**** RECORDED INFORMATION ****

(* Let $d \geq 2$, $N, K \geq 1$ be integers, $\mathbf{y}_1,\ldots,\mathbf{y}_N \in \mathbb{R}^d$ with matrix $\mathbf{Y} = [\mathbf{y}_1,\ldots,\mathbf{y}_N]$, and $\rho_k^{[i]} \geq 0$ with $\sum_{k=1}^K \rho_k^{[i]} = 1$ for each $i$. Put $\mathbf{A}_k = \sum_{i} \rho_k^{[i]}\mathbf{y}_i\mathbf{y}_i^\mathrm{T}$, $\gamma_k = \sum_i \rho_k^{[i]}$, $\lambda_k = $ largest eigenvalue of $\mathbf{A}_k$, and assume $\gamma_k > 0$ for all $k$. For $S\subseteq[K]$ let $\sigma^2(S) = \big(\|\mathbf{Y}\|_\mathrm{F}^2 - \sum_{k\in S}\lambda_k\big)/\big(dN - \sum_{k\in S}\gamma_k\big)$ and $\mathcal{V} = \{S \subseteq [K] : \sigma^2(S) \leq \lambda_k/\gamma_k \text{ for all } k\in S\}$. Call $S$ saturated if $S \in \mathcal{V}$ and $\sigma^2(S) > \lambda_j/\gamma_j$ for all $j\in[K]\setminus S$. Then there exists a unique saturated set.
   Context: $[K] = \{1,\ldots,K\}$; $\|\cdot\|_\mathrm{F}$ is the Frobenius norm. *)

From mathcomp Require Import all_boot all_order all_algebra.
From mathcomp Require Export reals.
From mathcomp Require Export all_boot all_order all_algebra.
Set Implicit Arguments. Unset Strict Implicit. Unset Printing Implicit Defensive.
Import Order.TTheory GRing.Theory Num.Theory.
Local Open Scope ring_scope.

Section Defs.
Variables (R : realType) (d N K : nat).
Variable (Y : 'M[R]_(d, N)).
Variable (rho : 'I_N -> 'I_K -> R).   (* rho i k = rho_k^[i] *)

Definition Amat (k : 'I_K) : 'M[R]_d :=
  \sum_(i < N) rho i k *: (col i Y *m (col i Y)^T).

Definition gam (k : 'I_K) : R := \sum_(i < N) rho i k.

Definition frob2 : R := \sum_(i < d) \sum_(j < N) Y i j ^+ 2.

Definition is_largest_eigenvalue (n : nat) (A : 'M[R]_n) (l : R) : Prop :=
  eigenvalue A l /\ forall a : R, eigenvalue A a -> a <= l.

Variable (lam : 'I_K -> R).           (* lam k = largest eigenvalue of A_k *)

Definition sigma2 (S : {set 'I_K}) : R :=
  (frob2 - \sum_(k in S) lam k) / ((d * N)%:R - \sum_(k in S) gam k).

Definition in_V (S : {set 'I_K}) : Prop :=
  forall k, k \in S -> sigma2 S <= lam k / gam k.

Definition saturated (S : {set 'I_K}) : Prop :=
  in_V S /\ forall j, j \notin S -> lam j / gam j < sigma2 S.
End Defs.

From mathcomp Require Import all_boot all_order all_algebra reals.
From mathcomp Require Import ring lra.
Import Order.TTheory GRing.Theory Num.Theory.
Set Implicit Arguments. Unset Strict Implicit. Unset Printing Implicit Defensive.
Local Open Scope ring_scope.

(** Write s(S) = (frob2 - sum_(k in S) lam_k) / (dN - sum_(k in S) gam_k). For k outside U,
    s(U) is the mediant of s(k |: U) and lam_k / gam_k, so it lies between them.
    Hence a minimiser of s of maximal cardinality is saturated: removing an element
    cannot decrease s, and adding one would strictly increase it. If A and B are
    saturated with s(A) <= s(B), then B is contained in A, and the inclusion cannot be
    strict: s(B) would be the mediant of s(A) and of a ratio (sum of lam_j) / (sum of
    gam_j) over A :\: B that lies below s(B), forcing s(B) < s(A). *)

Section Mediant.
Variables (F : realFieldType) (p1 q1 p2 q2 : F).
Hypotheses (q1_gt0 : 0 < q1) (q2_gt0 : 0 < q2).

Lemma le_mediantl : (p1 / q1 <= (p1 + p2) / (q1 + q2)) = (p1 / q1 <= p2 / q2).
Proof.
have e : (p1 + p2) / (q1 + q2) - p1 / q1 = q2 / (q1 + q2) * (p2 / q2 - p1 / q1).
  by field; rewrite !gt_eqF ?addr_gt0.
by rewrite -subr_ge0 e pmulr_rge0 ?divr_gt0 ?addr_gt0 // subr_ge0.
Qed.

Lemma le_mediantr : ((p1 + p2) / (q1 + q2) <= p2 / q2) = (p1 / q1 <= p2 / q2).
Proof.
have e : p2 / q2 - (p1 + p2) / (q1 + q2) = q1 / (q1 + q2) * (p2 / q2 - p1 / q1).
  by field; rewrite !gt_eqF ?addr_gt0.
by rewrite -subr_ge0 e pmulr_rge0 ?divr_gt0 ?addr_gt0 // subr_ge0.
Qed.
End Mediant.

Section SaturatedRatio.
Variables (F : realFieldType) (K : nat) (a b : F) (lam w : 'I_K -> F).
Hypothesis w_gt0 : forall k, 0 < w k.
Hypothesis sum_w_lt : \sum_k w k < b.

Definition ratio (S : {set 'I_K}) : F :=
  (a - \sum_(k in S) lam k) / (b - \sum_(k in S) w k).

Definition ratio_saturated (S : {set 'I_K}) : Prop :=
  (forall k, k \in S -> ratio S <= lam k / w k) /\
  (forall j, j \notin S -> lam j / w j < ratio S).

Lemma ratio_den_gt0 (S : {set 'I_K}) : 0 < b - \sum_(k in S) w k.
Proof.
rewrite subr_gt0; apply: le_lt_trans sum_w_lt.
rewrite [leRHS](bigID (mem S)) /= lerDl.
by apply: sumr_ge0 => k _; apply: ltW.
Qed.

Lemma ratio_setU1 (U : {set 'I_K}) k : k \notin U ->
  ratio U = ((a - \sum_(i in k |: U) lam i) + lam k) /
            ((b - \sum_(i in k |: U) w i) + w k).
Proof. by move=> kU; rewrite !big_setU1 //=; congr (_ / _); ring. Qed.

Lemma le_ratio_setD1 (S : {set 'I_K}) k : k \in S ->
  ratio S <= ratio (S :\ k) -> ratio S <= lam k / w k.
Proof.
move=> kS; have kSk : k \notin S :\ k by rewrite setD11.
rewrite (ratio_setU1 kSk) setD1K //.
by rewrite /ratio le_mediantl ?ratio_den_gt0.
Qed.

Lemma ratio_setU1_eq (U : {set 'I_K}) j : j \notin U ->
  ratio U <= ratio (j |: U) -> ratio U <= lam j / w j -> ratio (j |: U) = ratio U.
Proof.
move=> jU; rewrite [ratio U](ratio_setU1 jU) /ratio le_mediantr ?ratio_den_gt0 //.
by move=> le_U le_j; apply/eqP; rewrite eq_le le_U le_mediantl ?ratio_den_gt0 // le_j.
Qed.

Lemma ratio_lt_proper (A B : {set 'I_K}) : B \proper A ->
  (forall j, j \in A -> j \notin B -> lam j / w j < ratio B) -> ratio B < ratio A.
Proof.
move=> /properP[/setIidPr sBA [j jA jB]] ltAB.
have sum_lt : \sum_(i in A :\: B) lam i < ratio B * \sum_(i in A :\: B) w i.
  rewrite mulr_sumr; apply: ltr_sum => [|i].
    by apply/hasP; exists j; rewrite ?inE ?jA ?jB.
  by rewrite inE => /andP[iB iA]; rewrite -ltr_pdivrMr // ltAB.
have ratioBE : ratio B * (b - \sum_(k in B) w k) = a - \sum_(k in B) lam k.
  by rewrite mulfVK ?gt_eqF ?ratio_den_gt0.
rewrite {2}/ratio ltr_pdivlMr ?ratio_den_gt0 // !(big_setID (A := A) B) sBA /=.
by rewrite opprD addrA mulrDr ratioBE mulrN; lra.
Qed.

Lemma ratio_saturated_le_eq (A B : {set 'I_K}) :
  ratio_saturated A -> ratio_saturated B -> ratio A <= ratio B -> A = B.
Proof.
move=> [_ outA] [inB outB] leAB.
have sBA : B \subset A.
  apply/subsetP => k kB; apply/negPn/negP => kA.
  by have := lt_le_trans (outA k kA) (le_trans leAB (inB k kB)); rewrite ltxx.
have [ltBA | ] := boolP (B \proper A).
  by have := ratio_lt_proper ltBA (fun j _ => outB j); rewrite ltNge leAB.
by rewrite properE sBA negbK => sAB; apply/eqP; rewrite eqEsubset sAB.
Qed.

Lemma exists_ratio_saturated : exists S, ratio_saturated S.
Proof.
have [Smin _ min_ratio] := @arg_minP _ _ {set 'I_K} set0 predT ratio isT.
have [S /eqP eqS max_card] :=
  @arg_maxnP {set 'I_K} Smin (fun S => ratio S == ratio Smin) (fun S => #|S|) (eqxx _).
exists S; split => [k kS | j jS].
  by apply: le_ratio_setD1 kS _; rewrite eqS; apply: min_ratio.
rewrite ltNge; apply/negP => le_j.
have le_Sj : ratio S <= ratio (j |: S) by rewrite eqS; apply: min_ratio.
have eq_j := ratio_setU1_eq jS le_Sj le_j.
have := max_card (j |: S); rewrite eq_j eqS eqxx => /(_ isT).
by move=> /=; rewrite cardsU1 jS add1n ltnn.
Qed.

Theorem exists_unique_ratio_saturated : exists! S, ratio_saturated S.
Proof.
have [S satS] := exists_ratio_saturated; exists S; split => // T satT.
have [leST | /ltW leTS] := leP (ratio S) (ratio T).
  exact: ratio_saturated_le_eq.
exact/esym/ratio_saturated_le_eq.
Qed.

End SaturatedRatio.

Lemma sum_gam (R : realType) (N K : nat) (rho : 'I_N -> 'I_K -> R) :
  (forall i, \sum_(k < K) rho i k = 1) -> \sum_k gam rho k = N%:R.
Proof.
move=> rho_sum; rewrite /gam exchange_big /=.
by under eq_bigr do rewrite rho_sum; rewrite sumr_const card_ord.
Qed.

Theorem lemma5 (R : realType) (d N K : nat)
  (Y : 'M[R]_(d, N)) (rho : 'I_N -> 'I_K -> R) (lam : 'I_K -> R) :
  (2 <= d)%N -> (1 <= N)%N -> (1 <= K)%N ->
  (forall i k, 0 <= rho i k) ->
  (forall i, \sum_(k < K) rho i k = 1) ->
  (forall k, 0 < gam rho k) ->
  (forall k, is_largest_eigenvalue (Amat Y rho k) (lam k)) ->
  exists! S : {set 'I_K}, saturated Y rho lam S.
Proof.
(* Only gam_k > 0 and sum_k gam_k = N < dN matter: lam may be any real vector. *)
move=> d_ge2 N_ge1 _ _ rho_sum gam_gt0 _.
have sum_gam_lt : \sum_k gam rho k < (d * N)%:R.
  by rewrite sum_gam // ltr_nat ltn_Pmull.
exact: (exists_unique_ratio_saturated (frob2 Y) lam gam_gt0 sum_gam_lt).
Qed.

****

Search the records above for the word "would" and give the number of lines where it occurs, nothing else.

2